If 3.8 g of Cu3(PO4)2 was recovered from step 1

In mL, how much of 3Cu(NO3)2 and 2Na3PO4 will I need to make 10 grams of Cu3(PO4)2?
Balanced equation: 2Na3PO4(ac) + 3Cu(NO3)2(ac) = Cu3(PO4)2(s) + 6NaNO3(ac)

Na3PO4 molarity: (1.0 M)

STEP 1. , Find the molar mass of the following (use a Periodic Table):

Cu3(PO4)2 =3(63.55) + 2(31 +64) = 380.65

STEP 2.  Change the grams to moles.

moles = grams/ molar mass

10 g Cu3(PO4)2 = 10/380.65 = 0.0263 mol

STEP 3. Use the mole ratios.

By the mole ratios (look at the coefficients from the equation), it requires 3 moles Cu(NO3)2 and 2 moles Na3PO4 to form 1 mole of Cu3(PO4)2

This means that to produce 0.0263 mole Cu3(PO4)2, 

3 x 0.0263 = 0.0789 mole Cu(NO3)2 and

2 x 0.0263 = 0.0526 mol Na3PO4 are required.

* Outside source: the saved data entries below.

Lemma sup_norm_le_N : exists2 c, 0 < c & forall x, `|x| <= c * N x.
Proof.
pose S := [set x : 'rV[R]_n | `|x| = 1].
have unitS x : x != 0 -> S (`|x|^-1 *: x).
  by move=> x0; rewrite /S /= normrZ ger0_norm ?invr_ge0 // mulVf ?normr_eq0.
have [[m Sm]|S0] := pselect (S !=set0); last first.
  exists 1 => // x; have [->|x0] := eqVneq x 0; first by rewrite normr0 N_0 mulr0.
  by case: S0; exists (`|x|^-1 *: x); apply: unitS.
have cS : compact S.
  apply: bounded_closed_compact; first by exists 1; split=> // M M1 x /= ->; apply: ltW.
  have -> : S = (fun x => `|x|) @^-1` [set 1] by [].
  by apply: closed_comp; [move=> x _; apply: norm_continuous | apply: closed_eq].
have [c Sc cmin] := compact_EVT_min (ex_intro _ m Sm) cS (continuous_subspaceT N_continuous).
have Nc0 : 0 < N c.
  rewrite lt_neqAle N_ge0 andbT; apply/eqP => /esym/N_eq0 c0.
  by move: Sc; rewrite inE /S /= c0 normr0 => /eqP; rewrite eq_sym oner_eq0.
exists (N c)^-1; first by rewrite invr_gt0.
move=> x; have [->|x0] := eqVneq x 0; first by rewrite normr0 N_0 mulr0.
have := cmin _ (mem_set (unitS x x0)).
rewrite N_scale ger0_norm ?invr_ge0 // ler_pdivlMl ?normr_gt0 //.
by rewrite mulrC ler_pdivlMl.
Qed.

Lemma inner_le_dual_norm u v : inner u v <= dual_norm N u * N v.
Proof.
have [c c0 hc] := sup_norm_le_N.
pose S := [set inner u x | x in [set x | N x <= 1]].
have supS : has_sup S.
  split; first by exists (inner u 0), 0; rewrite /= ?N_0.
  exists (\sum_i `|u 0 i| * c) => _ [x /= Nx <-]; apply: ler_sum => i _.
  apply: le_trans (ler_norm _) _; rewrite normrM ler_wpM2l //.
  apply: le_trans (le_trans (row_entry_le_norm x i) (hc x)) _.
  by rewrite ler_piMr // ltW.
have [/N_eq0 ->|Nv0] := eqVneq (N v) 0; first by rewrite inner0r N_0 mulr0.
have Nvp : 0 < N v by rewrite lt_neqAle eq_sym Nv0 N_ge0.
have : inner u ((N v)^-1 *: v) <= dual_norm N u.
  apply: sup_upper_bound => //; exists ((N v)^-1 *: v) => //=.
  by rewrite N_scale ger0_norm ?invr_ge0 ?N_ge0 // mulVf.
by rewrite innerZr ler_pdivrMl // mulrC.
Qed.

End NormOnRowVectors.

Section FirstOrderConvexity.
Variables (R : realType) (n : nat) (f : 'rV[R]_n -> \bar R).
Hypothesis fcvx : convex_fun f.

Lemma diff_grad x v : 'd (fine \o f) x v = inner (grad f x) v.
Proof.
rewrite {1}(row_sum_delta v) linear_sum /inner; apply: eq_bigr => i _.
by rewrite linearZ mxE /= mulrC.
Qed.

Lemma convex_slope_le x y fy t :
  f x \is a fin_num -> f y = fy%:E -> 0 < t <= 1 ->
  f (t *: (y - x) + x) \is a fin_num ->
  (fine (f (t *: (y - x) + x)) - fine (f x)) / t <= fy - fine (f x).
Proof.
move=> fx_fin fyE /andP[t0 t1] ft_fin.
have := fcvx y x (t := t); rewrite (ltW t0) t1 => /(_ isT).
have -> : t *: y + (1 - t) *: x = t *: (y - x) + x.
  by rewrite scalerBr scalerBl scale1r [x - _]addrC addrA.
rewrite fyE -(fineK fx_fin) -(fineK ft_fin) -!EFinM -EFinD lee_fin => H.
by rewrite ler_pdivrMr //; nra.
Qed.

Lemma convex_grad_le (C : set 'rV[R]_n) x y :
  proper_fun f -> differentiable_on f C -> C x ->
  (f x + (inner (grad f x) (y - x))%:E <= f y)%E.
Proof.
move=> [_ fNy] df Cx; have [near_fin dfx] := df x Cx.
have fx_fin : f x \is a fin_num := nbhs_singleton near_fin.
case fyE: (f y) => [fy| |]; [|by rewrite leey|by have := fNy y; rewrite fyE].
rewrite -(fineK fx_fin) -EFinD lee_fin -diff_grad -deriveE //.
suff : derive (fine \o f) x (y - x) <= fy - fine (f x) by lra.
have dv := diff_derivable (v := y - x) dfx.
rewrite /derive (cvg_at_rightE _ _ dv).
have to_x : (fun t : R => t *: (y - x) + x) @ 0^'+ --> x.
  apply: cvg_at_right_filter; rewrite -[X in _ --> X]add0r -(scale0r (y - x)).
  by apply: cvgD; [apply: cvgZl; apply: cvg_id | apply: cvg_cst].
apply: limr_le.
  by move: dv => /cvg_ex[l dl]; apply/cvg_ex; exists l; exact: cvg_dnbhs_at_right dl.
near=> t; rewrite /= [X in X <= _]mulrC; apply: convex_slope_le => //.
- by apply/andP; split; near: t; [apply: nbhs_right_gt | apply: nbhs_right_le].
- by near: t; apply: to_x _ near_fin.
Unshelve. all: by end_near. Qed.

End FirstOrderConvexity.

Lemma differentiable_on_fin_num (R : realType) n (f : 'rV[R]_n -> \bar R) C x :
  differentiable_on f C -> C x -> f x \is a fin_num.
Proof. by move=> df /df[/nbhs_singleton]. Qed.

Section GrowthBounds.
Variable R : realType.
Implicit Types s L nu p a b G x y r : R.

Lemma powR_le_base r x y : 0 <= r -> 0 <= x -> x <= y -> x `^ r <= y `^ r.
Proof. by move=> r0 x0 xy; apply: ge0_ler_powR; rewrite ?nnegrE ?(le_trans x0 xy). Qed.

Lemma powR_ge_exp G x y : 0 <= G <= 1 -> 0 < y <= x -> G `^ x <= G `^ y.
Proof.
move=> /andP[G0 G1] /andP[y0 yx]; have [->|Gn0] := eqVneq G 0.
  by rewrite !powR0 // gt_eqF // (lt_le_trans y0 yx).
by apply: ger_powR => //; rewrite G1 andbT lt_neqAle eq_sym Gn0.
Qed.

STEP 4. Use the Molarity formula to find the volume.

or Liters = moles/ Molarity

Volume of Cu(NO3)2 = 0.0789 mol/ 5.0 M = 0.01578 L ≈ 16 mL

Volume of Na3PO4 = 0.0526 mol/ 1.0 M = 0.0526 L ≈ 53 mL

I see you have the molarity for the two solutions but you would need a bit more information like the starting mass from one of the products or liters of solution.